Butterfly only knows.

札幌のデザインマネジメント会社社長のブログです。

川端康成『古都』より

WEBビジネスの行く末

 今週は福岡にあるAtelier Bravoへ行ってきました。さっくりいえば自閉症の方を支援する授産施設なのですが、そういう背景とは全く関係なく、素晴らしい作品を次々と生み出す天才的なクリエイターの集団だと思います。
http://www.joy-club.jp/atelier-bravo/

 一応デザインの仕事を長くしていますので「すごい」デザインには耐性があると思うのですが、彼らの作品に対しては一言「すごい」としか言いようがありません。すごいです。降参です。

 ライブペインティングというものがありますが、彼らのそれは本当に「ライブ」で、生きた芸術でした。それに比べればこれまで見てきたライブペインティングなどは、せいぜい手癖仕事か予定調和の産物。

 今そんな彼らと仕事を進めていますが、順調にいけば今年中にリリースとなります。とても楽しみです。


 さて、話はがらりと変わり、昨日「北海道のウェブビジネスについて・意見交換会」を開催いたしました。経営者からフリーの方まで、いろいろな立ち位置の方に集まっていただき、北海道のWEBビジネスの現状と今後について意見交換を行いました。交換というわりには一人でしゃべりすぎたように思いますが、みなさん危機感をもって貴重な時間を共有できたかと思います。

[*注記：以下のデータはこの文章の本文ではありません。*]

Lemma frob_le_nuc_norm {m n} (X : 'M[R]_(m, n)) : frob X <= nuc_norm X.
Proof.
have [X0|X_neq0] := eqVneq (frob X) 0; first by rewrite X0 nuc_norm_ge0.
have X_gt0 : 0 < frob X by rewrite lt_def X_neq0 frob_ge0.
have := @nuc_norm_dual _ _ X ((frob X)^-1 *: X) 1.
rewrite mx_innerZl -frob_sqr mul1r expr2 mulKf //; apply=> x.
rewrite -scalemxAl frobZ ger0_norm ?invr_ge0 ?(ltW X_gt0) // mul1r ler_pdivrMl //.
exact: frob_mul_col.
Qed.

Local Open Scope classical_set_scope.

Lemma le_sup_homogeneous {m n} (f : 'M[R]_(m, n) -> R) B c :
  (forall a X, f (a *: X) = `|a| * f X) -> (forall X, f X <= B * frob X) ->
  sup [set f X | X in [set X | frob X = 1]] <= c -> forall X, f X <= c * frob X.
Proof.
move=> fZ fB sup_le X; have [X0|X_neq0] := eqVneq (frob X) 0.
  rewrite (frob_eq0 X X0) frob0 mulr0.
  by rewrite -(scale0r (0 : 'M[R]_(m, n))) fZ normr0 mul0r.
have X_gt0 : 0 < frob X by rewrite lt_def X_neq0 frob_ge0.
have ub : has_ubound [set f X | X in [set X | frob X = 1]].
  by exists B => _ [Y Y1 <-]; rewrite -[leRHS]mulr1 -Y1 fB.
have : f ((frob X)^-1 *: X) <= c.
  apply: le_trans sup_le; apply: (ub_le_sup ub).
  by exists ((frob X)^-1 *: X) => //; apply: frob_normalize.
by rewrite fZ ger0_norm ?invr_ge0 ?(ltW X_gt0) // mulrC ler_pdivrMr.
Qed.

Lemma spec_norm_bounded {m n} (W : 'M[R]_(m, n)) c :
  spec_norm W <= c -> spec_bounded W c.
Proof.
move=> Wc x; pose f (y : 'cV[R]_n) := frob (W *m y).
apply: (le_sup_homogeneous f (frob W)) Wc x => [a y|y].
  by rewrite /f -scalemxAr frobZ.
exact: frob_mul_col.
Qed.

Lemma op_norm_bounded {m n} (A : 'M[R]_(m, n) -> 'M[R]_(m, n)) B c :
  (forall a X, A (a *: X) = a *: A X) -> (forall X, frob (A X) <= B * frob X) ->
  op_norm A <= c -> forall X, frob (A X) <= c * frob X.
Proof.
move=> AZ AB; apply: (le_sup_homogeneous (fun X => frob (A X))) AB.
by move=> a X; rewrite AZ frobZ.
Qed.

End NuclearNorm.

Section PiSpace.
Context {R : realType} {n1 n2 rG rn : nat}.
Variables (G : 'M[R]_(n1, rG)) (U : 'M[R]_(n1, rn)) (V : 'M[R]_(n2, rn)).
Local Notation E := (row_mx G U).
Local Notation Pi := (Pi_space G U V).

Definition proj_Pi (X : 'M[R]_(n1, n2)) : 'M[R]_(n1, n2) :=
  X - (1%:M - E *m E^T) *m X *m (1%:M - V *m V^T).

Lemma Pi_spaceD X Y : Pi X -> Pi Y -> Pi (X + Y).
Proof.
move=> [A1 [A2 ->]] [B1 [B2 ->]]; exists (A1 + B1), (A2 + B2).
by rewrite linearD /= mulmxDr mulmxDl addrACA.
Qed.

Lemma Pi_spaceN X : Pi X -> Pi (- X).
Proof.
by move=> [A1 [A2 ->]]; exists (- A1), (- A2); rewrite opprD linearN /= mulmxN mulNmx.
Qed.

Lemma Pi_space_colspace (Y : 'M[R]_(rG + rn, n2)) : Pi (E *m Y).
Proof. by exists Y^T, 0; rewrite trmxK mul0mx addr0. Qed.

Lemma Pi_space_rowspace (Y : 'M[R]_(n1, rn)) : Pi (Y *m V^T).
Proof. by exists 0, Y; rewrite trmx0 mulmx0 add0r. Qed.

Lemma Pi_space_G (Y : 'M[R]_(rG, n2)) : Pi (G *m Y).
Proof.
have -> : G *m Y = E *m col_mx Y 0 by rewrite mul_row_col mulmx0 addr0.
exact: Pi_space_colspace.
Qed.

Lemma Pi_space_U (Y : 'M[R]_(rn, n2)) : Pi (U *m Y).
Proof.
have -> : U *m Y = E *m col_mx 0 Y by rewrite mul_row_col mulmx0 add0r.
exact: Pi_space_colspace.
Qed.

Lemma proj_Pi_mem X : Pi (proj_Pi X).
Proof.
have -> : proj_Pi X = E *m (E^T *m X) + ((1%:M - E *m E^T) *m X *m V) *m V^T.
  rewrite /proj_Pi mulmxBr mulmx1 opprB -mulmxA mulmxA mulmxBl mul1mx.
  by rewrite !mulmxA opprB addrC -addrA subrK addrC.
exact/Pi_spaceD/Pi_space_rowspace/Pi_space_colspace.
Qed.

Lemma subr_proj_Pi X : X - proj_Pi X = (1%:M - E *m E^T) *m X *m (1%:M - V *m V^T).
Proof. by rewrite /proj_Pi opprB addrC subrK. Qed.

Lemma proj_PiZ a X : proj_Pi (a *: X) = a *: proj_Pi X.
Proof. by rewrite /proj_Pi -scalemxAr -scalemxAl scalerBr. Qed.

Hypotheses (EE : E^T *m E = 1%:M) (VV : V^T *m V = 1%:M).

Lemma proj_Pi_orth X Z : Pi Z -> mx_inner (X - proj_Pi X) Z = 0.
Proof.
move=> [Y1 [Y2 ->]]; rewrite subr_proj_Pi mx_innerDr mx_innerMl' mx_innerMr' trmxK.
rewrite !mulmxA mulmx_projC // !mul0mx -(mulmxA _ (1%:M - V *m V^T)).
by rewrite projC_mulmx // mulmx0 !mx_inner0l addr0.
Qed.

Lemma orth_proj_PiE X : orth_proj Pi X = proj_Pi X.
Proof.
apply: xget_unique; first by split; [apply: proj_Pi_mem | apply: proj_Pi_orth].
move=> Y [PiY YX]; apply/eqP; rewrite -subr_eq0; apply/eqP/mx_inner_eq0.
have PiD : Pi (Y - proj_Pi X) by apply/Pi_spaceD/Pi_spaceN/proj_Pi_mem.
have dE : Y - proj_Pi X = (X - proj_Pi X) - (X - Y).
  by rewrite (opprB X Y) [_ + (Y - X)]addrC addrA subrK.
by rewrite {1}dE mx_innerBl proj_Pi_orth // YX // subrr.
Qed.

Lemma frob_proj_Pi_le X : frob (proj_Pi X) <= frob X.
Proof.
apply: frob_le_sqr; first exact: frob_ge0.
have := frob_add_orth (proj_Pi X) (X - proj_Pi X).
rewrite (addrC (proj_Pi X)) subrK mx_innerC (proj_Pi_orth _ _ (proj_Pi_mem _)) => /(_ erefl) ->.
by rewrite lerDl sqr_ge0.
Qed.

End PiSpace.

Lemma orth_Pi_mx_inner_projC {R : realType} {n1 n2 rG rn}
    {G : 'M[R]_(n1, rG)} {U : 'M[R]_(n1, rn)} {V : 'M[R]_(n2, rn)} {W} H :
  (forall Z, Pi_space G U V Z -> mx_inner W Z = 0) ->
  mx_inner W H = mx_inner W ((1%:M - U *m U^T) *m H *m (1%:M - V *m V^T)).
Proof.
move=> W_orth; apply/eqP; rewrite -subr_eq0 -mx_innerBr; apply/eqP/W_orth.
have -> : H - (1%:M - U *m U^T) *m H *m (1%:M - V *m V^T)
    = U *m (U^T *m H) + ((1%:M - U *m U^T) *m H *m V) *m V^T.
  have UH : H - (1%:M - U *m U^T) *m H = U *m (U^T *m H).
    by rewrite mulmxBl mul1mx opprB addrC subrK mulmxA.
  by rewrite mulmxBr mulmx1 opprB addrCA addrC UH !mulmxA.
exact/Pi_spaceD/Pi_space_rowspace/Pi_space_U.
Qed.

Section Support.
Context {R : realType} {m n : nat} (Om : {set 'I_m * 'I_n}).
Implicit Types X Y : 'M[R]_(m, n).

Lemma proj_OmegaZ a X : proj_Omega Om (a *: X) = a *: proj_Omega Om X.
Proof. by apply/matrixP => i j; rewrite !mxE; case: ifP; rewrite ?mulr0. Qed.

Lemma proj_OmegaD X Y : proj_Omega Om (X + Y) = proj_Omega Om X + proj_Omega Om Y.
Proof. by apply/matrixP => i j; rewrite !mxE; case: ifP; rewrite ?addr0. Qed.

Lemma frob_proj_Omega_le X : frob (proj_Omega Om X) <= frob X.
Proof.
rewrite /frob; apply/ler_wsqrtr/ler_sum => i _; apply: ler_sum => j _.
by rewrite mxE; case: ifP; rewrite ?expr0n ?sqr_ge0.
Qed.

Lemma mx_inner_proj_Omega X Y :
  mx_inner (proj_Omega Om X) Y = mx_inner (proj_Omega Om X) (proj_Omega Om Y).
Proof.
rewrite !mx_innerE; apply: eq_bigr => i _; apply: eq_bigr => j _.
by rewrite !mxE; case: ifP; rewrite ?mul0r.
Qed.

End Support.

Section EntrywiseNorms.
Context {R : realType}.

Lemma sum_sqr_le_sqr_sum (I : finType) (x : I -> R) :
  (forall i, 0 <= x i) -> \sum_i x i ^+ 2 <= (\sum_i x i) ^+ 2.
Proof.
move=> x_ge0; rewrite expr2 mulr_sumr; apply: ler_sum => i _.
by rewrite expr2 mulrC ler_wpM2r // (bigD1 i) //= lerDl sumr_ge0.
Qed.

Lemma frob_le_l1 {m n} (X : 'M[R]_(m, n)) : frob X <= l1_norm X.
Proof.
have l1_ge0 : 0 <= l1_norm X by apply: sumr_ge0 => i _; apply: sumr_ge0.
rewrite /frob -(ger0_norm l1_ge0) -sqrtr_sqr; apply: ler_wsqrtr.
apply: (@le_trans _ _ (\sum_i (\sum_j `|X i j|) ^+ 2)); last first.
  by apply: sum_sqr_le_sqr_sum => i; apply: sumr_ge0.
apply: ler_sum => i _; apply: (@le_trans _ _ (\sum_j `|X i j| ^+ 2)).
  by apply: ler_sum => j _; rewrite -normrX ger0_norm ?sqr_ge0.
exact: sum_sqr_le_sqr_sum.
Qed.

Lemma linf_norm_ge {m n} (F : 'M[R]_(m, n)) i j : `|F i j| <= linf_norm F.
Proof.
apply: le_trans (le_bigmax _ _ i).
exact: (le_bigmax _ (fun j => `|F i j|) j).
Qed.

(* Entrywise form of [sgn S + F] lying in the subdifferential of the l1 norm at [S],
   with a margin [c] off the support. *)
Lemma normr_subgradient (s k f c : R) (b : bool) :
  (s != 0 <-> b) -> (b -> f = 0) -> `|f| <= 1 - c ->
  `|s| + (Num.sg s + f) * k + c * `|k - (if b then k else 0)| <= `|s + k|.
Proof.
case: b => sb fb f_le.
- rewrite fb // subrr normr0 mulr0 !addr0.
  have := ler_norm (s + k); have := ler_norm (- (s + k)); rewrite normrN => le1 le2.
  have : s != 0 by apply/sb.
  rewrite neq_lt => /orP[s_lt0|s_gt0].
    by rewrite ltr0_sg // ltr0_norm //; lra.
  by rewrite gtr0_sg // gtr0_norm //; lra.
- have -> : s = 0 by apply/eqP; apply: contraLR isT => /sb.
  rewrite sgr0 normr0 !add0r subr0.
  have : f * k <= `|f| * `|k| by rewrite -normrM ler_norm.
  have := normr_ge0 k; nra.
Qed.

Lemma l1_norm_subgradient {m n} (Om : {set 'I_m * 'I_n}) (S K F : 'M[R]_(m, n)) c :
  (forall i j, S i j != 0 <-> (i, j) \in Om) -> proj_Omega Om F = 0 ->
  linf_norm F <= 1 - c ->
  l1_norm S + mx_inner (sgn_mx S + F) K + c * l1_norm (K - proj_Omega Om K)
    <= l1_norm (S + K).
Proof.
move=> suppS F0 F_le; rewrite /l1_norm mx_innerE !mulr_sumr -!big_split /=.
apply: ler_sum => i _; rewrite !mulr_sumr -!big_split /=.
apply: ler_sum => j _; rewrite !mxE.
apply: normr_subgradient; first exact: suppS.
  by move=> ijO; have /matrixP /(_ i j) := F0; rewrite !mxE ijO.
exact: le_trans (linf_norm_ge F i j) F_le.
Qed.

End EntrywiseNorms.

Section NuclearPerturbation.
Context {R : realType}.

Lemma nuc_norm_addr_ge {m n k} {L : 'M[R]_(m, n)} (H : 'M[R]_(m, n)) {U} {s : 'rV[R]_k} {V} :
  is_svd L U s V ->
  nuc_norm L + mx_inner (U *m V^T) H
    + nuc_norm ((1%:M - U *m U^T) *m H *m (1%:M - V *m V^T)) <= nuc_norm (L + H).
Proof.
move=> svdL; have [UU VV _ LE] := svdL.
set P := 1%:M - U *m U^T; set Q := 1%:M - V *m V^T; set X := P *m H *m Q.
have [k' [U' [s' [V' [svdX ->]]]]] := nuc_norm_svd_exists X.
have [UU' VV' _ XE] := svdX.
have PT : P^T = P by rewrite trmx_projC.
have QT : Q^T = Q by rewrite trmx_projC.
(* [U V^T + P U' V'^T Q] is a contraction pairing with [L + H] to the left-hand side. *)
set Z := U *m V^T + P *m (U' *m V'^T) *m Q.
have Z_le1 : spec_bounded Z 1.
  move=> x; rewrite mul1r; apply: frob_le_sqr; first exact: frob_ge0.
  rewrite mulmxDl frob_add_orth; last first.
    by rewrite -!mulmxA mx_innerMl' PT mulmxA projC_mulmx // mul0mx mx_inner0l.
  rewrite (frob_sqr_proj V x VV) -!mulmxA frob_isometry //; apply: lerD => //.
  apply: lerXn2r; rewrite ?nnegrE ?frob_ge0 //.
  apply: le_trans (frob_projC_le _ _ UU) _; rewrite frob_isometry //.
  exact: frob_proj_le.
rewrite (nuc_norm_svd svdL) -(mx_inner_svd svdL) -(mx_inner_svd svdX).
have -> : mx_inner (U *m V^T) L + mx_inner (U *m V^T) H + mx_inner (U' *m V'^T) X
    = mx_inner Z (L + H).
  have ZL : mx_inner (P *m (U' *m V'^T) *m Q) L = 0.
    by rewrite LE mx_innerMr mx_innerMl PT !mulmxA projC_mulmx // !mul0mx mx_inner0r.
  have ZH : mx_inner (P *m (U' *m V'^T) *m Q) H = mx_inner (U' *m V'^T) X.
    by rewrite (mx_innerMr (P *m _)) (mx_innerMl P) PT QT /X mulmxA.
  by rewrite mx_innerDl !mx_innerDr ZL ZH add0r.
by rewrite -[nuc_norm _]mul1r; apply: nuc_norm_dual.
Qed.

Section OrthogonalPerturbation.
Context {n1 n2 rG rn : nat}.
Variables (G : 'M[R]_(n1, rG)) (U : 'M[R]_(n1, rn)) (V : 'M[R]_(n2, rn)).
Hypotheses (GG : G^T *m G = 1%:M) (UU : U^T *m U = 1%:M) (VV : V^T *m V = 1%:M)
  (GU : G^T *m U = 0).

Lemma spec_bounded_orth_perturb (C : 'M[R]_(rG, rn)) :
  spec_bounded ((U + G *m C) *m V^T) (1 + mx_inner C C / 2).
Proof.
move=> x; set y := V^T *m x.
have y_le : frob y <= frob x by apply: frob_proj_le.
have Cy_le : frob (C *m y) ^+ 2 <= mx_inner C C * frob y ^+ 2.
  rewrite -frob_sqr -exprMn lerXn2r ?nnegrE ?frob_mul_col ?frob_ge0 //.
  by rewrite mulr_ge0 ?frob_ge0.
have c_ge0 := mx_inner_ge0 C.
apply: frob_le_sqr; first by rewrite mulr_ge0 ?frob_ge0 //; lra.
rewrite -mulmxA -/y mulmxDl frob_add_orth; last first.
  by rewrite -mulmxA mx_innerMl' mulmxA GU mul0mx mx_inner0l.
rewrite frob_isometry // -mulmxA frob_isometry //.
have := lerXn2r 2 (frob_ge0 y) (frob_ge0 x) y_le.
have := sqr_ge0 (mx_inner C C); have := frob_ge0 x; have := frob_ge0 y; nra.
Qed.
Lemma Cmod_gauss_sum q a b c : prime q -> q <> 2%Z -> ~ (q | a)%Z ->
  Cmod (gauss_sum q a b c) = sqrt (IZR q).
Proof.
  intros Hp Hq2 Ha.
  rewrite <- (sqrt_pow2 (Cmod (gauss_sum q a b c))) by apply Cmod_ge_0.
  assert (E : RtoC (Cmod (gauss_sum q a b c) ^ 2) = RtoC (IZR q))
    by (rewrite Cmod2_conj; apply gauss_sum_mul_conj; assumption).
  injection E as E. rewrite <- E. reflexivity.
Qed.

Lemma Cmod_gauss_sum_le q a b c : prime q -> ~ (q | a)%Z ->
  Cmod (gauss_sum q a b c) <= 2 * sqrt (IZR q).
Proof.
  intros Hp Ha.
  assert (Hq : (1 < q)%Z) by (destruct Hp; lia).
  destruct (Z.eq_dec q 2) as [-> | Hq2].
  - eapply Rle_trans; [apply Cmod_Csum_le|].
    rewrite map_map, (map_ext _ (fun _ => 1)) by (intros; apply Cmod_e).
    rewrite Rsum_map_const, length_x_range by lia.
    assert (1 <= sqrt 2) by (rewrite <- sqrt_1; apply sqrt_le_1_alt; lra). lra.
  - rewrite Cmod_gauss_sum by assumption. pose proof (sqrt_pos (IZR q)). lra.
Qed.

Lemma gauss_sum_degenerate q a b c : (1 < q)%Z -> (q | a)%Z -> ~ (q | b)%Z ->
  gauss_sum q a b c = 0.
Proof.
  intros Hq [j ->] Hb. unfold gauss_sum.
  rewrite (map_ext _ (fun x => e_q q c * e_q q (b * x)))%C.
  - rewrite Csum_map_mult_l, Csum_e_q_ndvd by assumption. ring.
  - intros x. rewrite <- e_q_add by lia.
    replace (j * q * x * x + b * x + c)%Z with (c + b * x + q * (j * x * x))%Z by ring.
    apply e_q_add_mul. lia.
Qed.

Lemma e_geometric_telescope t s M :
  ((e t - 1) * Csum (map (fun n => e (t * INR n)) (seq s M)))%C =
  (e (t * INR (s + M)) - e (t * INR s))%C.
Proof.
  induction M as [|M IH].
  - rewrite Nat.add_0_r. simpl. ring.
  - rewrite seq_S, map_app, Csum_app, Cmult_plus_distr_l, IH.
    replace (s + S M)%nat with (S (s + M)) by lia.
    rewrite S_INR, Rmult_plus_distr_l, Rmult_1_r, e_add. simpl. ring.
Qed.
Lemma short_noncomplete_cycle c : simple_cycle e c -> clen c <= L ->
  ~ induced_complete e (cverts c) -> odd (size c) /\ maxdeg_le2 (cverts c).
Proof.
move=> sc cL nK.
have [s [us sc' _ os adj]] : induced_odd_cycle e (cverts c).
  apply: NNPP => nO; have := long_removable (conj sc (conj nK nO)).
  by rewrite ltnNge cL.
have size_s : size s = size c.
  by rewrite -(card_uniqP us) (eq_card sc') -clen_uniq //; case/and3P: sc.
split=> [|x xc]; first by rewrite -size_s.
have xs : x \in s by rewrite sc'.
apply: leq_trans (_ : #|[set next s x; prev s x]| <= 2); last first.
  by rewrite cards2 ltnS leq_b1.
apply/subset_leq_card/subsetP => y; rewrite in_nbhd -sc' => /andP[ys].
by rewrite adj // => /orP[]/eqP->; rewrite ?prev_next ?set21 ?set22.
Qed.

Lemma even_short_cycle_complete c : simple_cycle e c -> clen c <= L ->
  ~~ odd (size c) -> induced_complete e (cverts c).
Proof.
move=> sc cL ev; apply: NNPP => nK.
by have [oc _] := short_noncomplete_cycle sc cL nK; rewrite oc in ev.
Qed.

Lemma short_noncomplete_odd_hole c : simple_cycle e c -> clen c <= L ->
  ~ induced_complete e (cverts c) -> odd_hole c.
Proof.
move=> sc cL nK; have [oc dc] := short_noncomplete_cycle sc cL nK.
split=> //; have /and3P[c3 _ _] := sc.
have c_ne3 : size c != 3 by apply: contra_notN nK => /eqP/(triangle_complete sc).
by move: c3 c_ne3 oc; case: (size c) => [|[|[|[|[]]]]].
Qed.

Lemma even_ear_arc_nil x p1 z p2 y q :
  odd_hole (x :: p1 ++ z :: p2) -> ear (x :: p1 ++ z :: p2) x (y :: q) z ->
  size (y :: q) + size (x :: p1 ++ z :: p2) <= L ->
  ~~ odd (size (y :: q) + size p2) -> p2 = [::] /\ e y z.
Proof.
move=> hc eq qL ev; have [/and3P[_ uc cc] _ _ _] := hc.
have sD := ear_simple_cycle cc uc eq.
have KD : induced_complete e (cverts ((y :: q) ++ z :: rcons p2 x)).
  apply: even_short_cycle_complete => //.
    rewrite clen_uniq; last by case/and3P: sD.
    by move: qL; rewrite /= !size_cat /= size_rcons; lia.
  by move: ev; rewrite size_cat /= size_rcons !addnS /= !negbK.
have yD : y \in cverts ((y :: q) ++ z :: rcons p2 x) by rewrite in_cverts mem_head.
have zD : z \in cverts ((y :: q) ++ z :: rcons p2 x).
  by rewrite in_cverts mem_cat mem_head orbT.
have yc : y \notin x :: p1 ++ z :: p2 by case: eq => _ _ /hasPn->; rewrite ?mem_head.
case: p2 => [|a p2] in hc eq qL ev uc cc sD KD yD zD yc *.
  split=> //; apply: KD => //; apply: contraNneq yc => ->.
  by rewrite in_cons mem_cat mem_head !orbT.
(* z, a and the next vertex b of c lie in the clique, so zb is a chord of c. *)
exfalso; have [b [r Ebr]] : exists b r, rcons p2 x = b :: r.
  by case: (p2) => [|b r]; [exists x, [::] | exists b, (rcons r x)].
have hz : odd_hole (z :: a :: b :: r ++ p1).
  by have := odd_hole_rot (size (x :: p1)) hc; rewrite rot_size_cat /= -cat_rcons Ebr.
have nzb : z != b.
  by case: hz => /and3P[_ /= /andP[+ _] _] _ _ _; apply: contraNneq => <-; rewrite !inE eqxx orbT.
move/negP: (hole_no_chord hz); apply; apply: KD => //.
by rewrite in_cverts mem_cat /= Ebr !inE eqxx !orbT.
Qed.

Lemma odd_hole_no_even_ear x p1 z p2 y q :
  odd_hole (x :: p1 ++ z :: p2) -> ear (x :: p1 ++ z :: p2) x (y :: q) z ->
  size (y :: q) + size (x :: p1 ++ z :: p2) <= L ->
  ~~ odd (size (y :: q) + size p2) -> False.
Proof.
move=> hc eq qL ev; have [p2_nil eyz] := even_ear_arc_nil hc eq qL ev; subst p2.
have [_ c5 oc _] := hc.
have [uq pq yq] := eq.
have yc : y \notin x :: p1 ++ [:: z] by apply: (hasPn yq); rewrite mem_head.
(* The single vertex y is an ear, to be closed along the arc p1, of odd length. *)
have eq1 : ear (x :: rev [::] ++ z :: rev p1) x [:: y] z.
  split=> //; last by apply/hasPn => w; rewrite inE => /eqP->; rewrite mem_rev_arcs.
  by case/andP: pq => /= -> _; rewrite eyz.
have [] := even_ear_arc_nil (odd_hole_rev_arcs hc) eq1.
- by move: qL; rewrite size_rev_arcs /=; lia.
- by move: oc; rewrite /= size_cat /= size_rev addn1 add0n /= !negbK.
move=> /(congr1 size); rewrite size_rev /= => p1_0 _.
by move: c5; rewrite /= size_cat p1_0.
Qed.

Lemma odd_hole_no_short_ear x p1 z p2 y q :
  odd_hole (x :: p1 ++ z :: p2) -> ear (x :: p1 ++ z :: p2) x (y :: q) z ->
  size (y :: q) + size (x :: p1 ++ z :: p2) <= L -> False.
Proof.
move=> hc eq qL; have [_ _ oc _] := hc.
have [ev | od] := boolP (~~ odd (size (y :: q) + size p2)).
  exact: odd_hole_no_even_ear hc eq qL ev.
apply: (odd_hole_no_even_ear (odd_hole_rev_arcs hc)).
- by apply: eq_ear eq => w; rewrite mem_rev_arcs.
- by rewrite size_rev_arcs.
- move: oc od; rewrite /= size_cat /= size_rev !addnS /= !negbK !oddD.
  by case: (odd (size p1)); case: (odd (size p2)); case: (odd (size q)).
Qed.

 時間の制約もあり、とりあえず現状キープではまずい、という空気をシェアするところまではできましたが、じゃぁどうする?という肝心の所までは踏み込むことができていません。これは次回以降への宿題となりました。

 どちらかといえば経営視点でのテーマ設定だったこともあり、やはり経営層の方が多めでしたが、個人的にはそういうテーマだからこそデザイナーやエンジニアの方に参加頂きたいと思っています。特にフリーの方に。
 この辺りは微妙な話ですが、ささやかな成功体験のある経営者なんかにこれからの5年間が生き残れると思っていないので、期待するべきはやはり一人ないしふたり程度で、夜中自宅でとんでもないものを日々創っているインディペンデンスな人たちだと思っています。イノベーションのジレンマというのは普通、あるマーケットを抑えた大企業が陥るものですが、極めてミニマムなサイズで我々WEB事業者はイノベーションに対して臆病になっています。
 簡単な例ですが、「いくつかパラメーターを与えるだけで、誰にでも素晴らしくかっこいいデザインのサイトができるWEBサービス・しかもアクセシビリティもばっちり&SEOも抜かりねえっす」みたいなものは、間違いなく有用ですが、間違いなく私の会社では作れません。私自身が失業するからです。

 前回のエントリーで予告した提案というのは、自分でネットサービスを立ち上げてバイアウトして一攫千金を狙っている、今は無名のエンジニア&デザイナーをなにか支援する仕組みを作りませんか、ということです。

 うがった見方ですが、わたしたちが営んでいる事業が一瞬で過去のものになるような破壊的なものを創るであろう人たちを、逆に支援する、ということです。シアトルでは成功したスタートアップが次の起業者たちのために共同でファンドを作ったりしているそうですが、そもそもこちらには成功したスタートアップがないので、その手法は無理です。
 とりあえず開発環境からそのままサービスインできるようなインフラを、無料ないしは安価で提供する「ベータの溜まり場」みたいなサービスを自社では考えています。もしそのサービスからインカムが得られるようになったら、そこからペイバックしてもらうというモデルです。
 他にもいろいろ考えてみます。

 ともかく、昨日イベントに参加頂いた方々に感謝するとともに、今後も継続して動いていけるよう尽力するつもりです。どうもありがとうございました。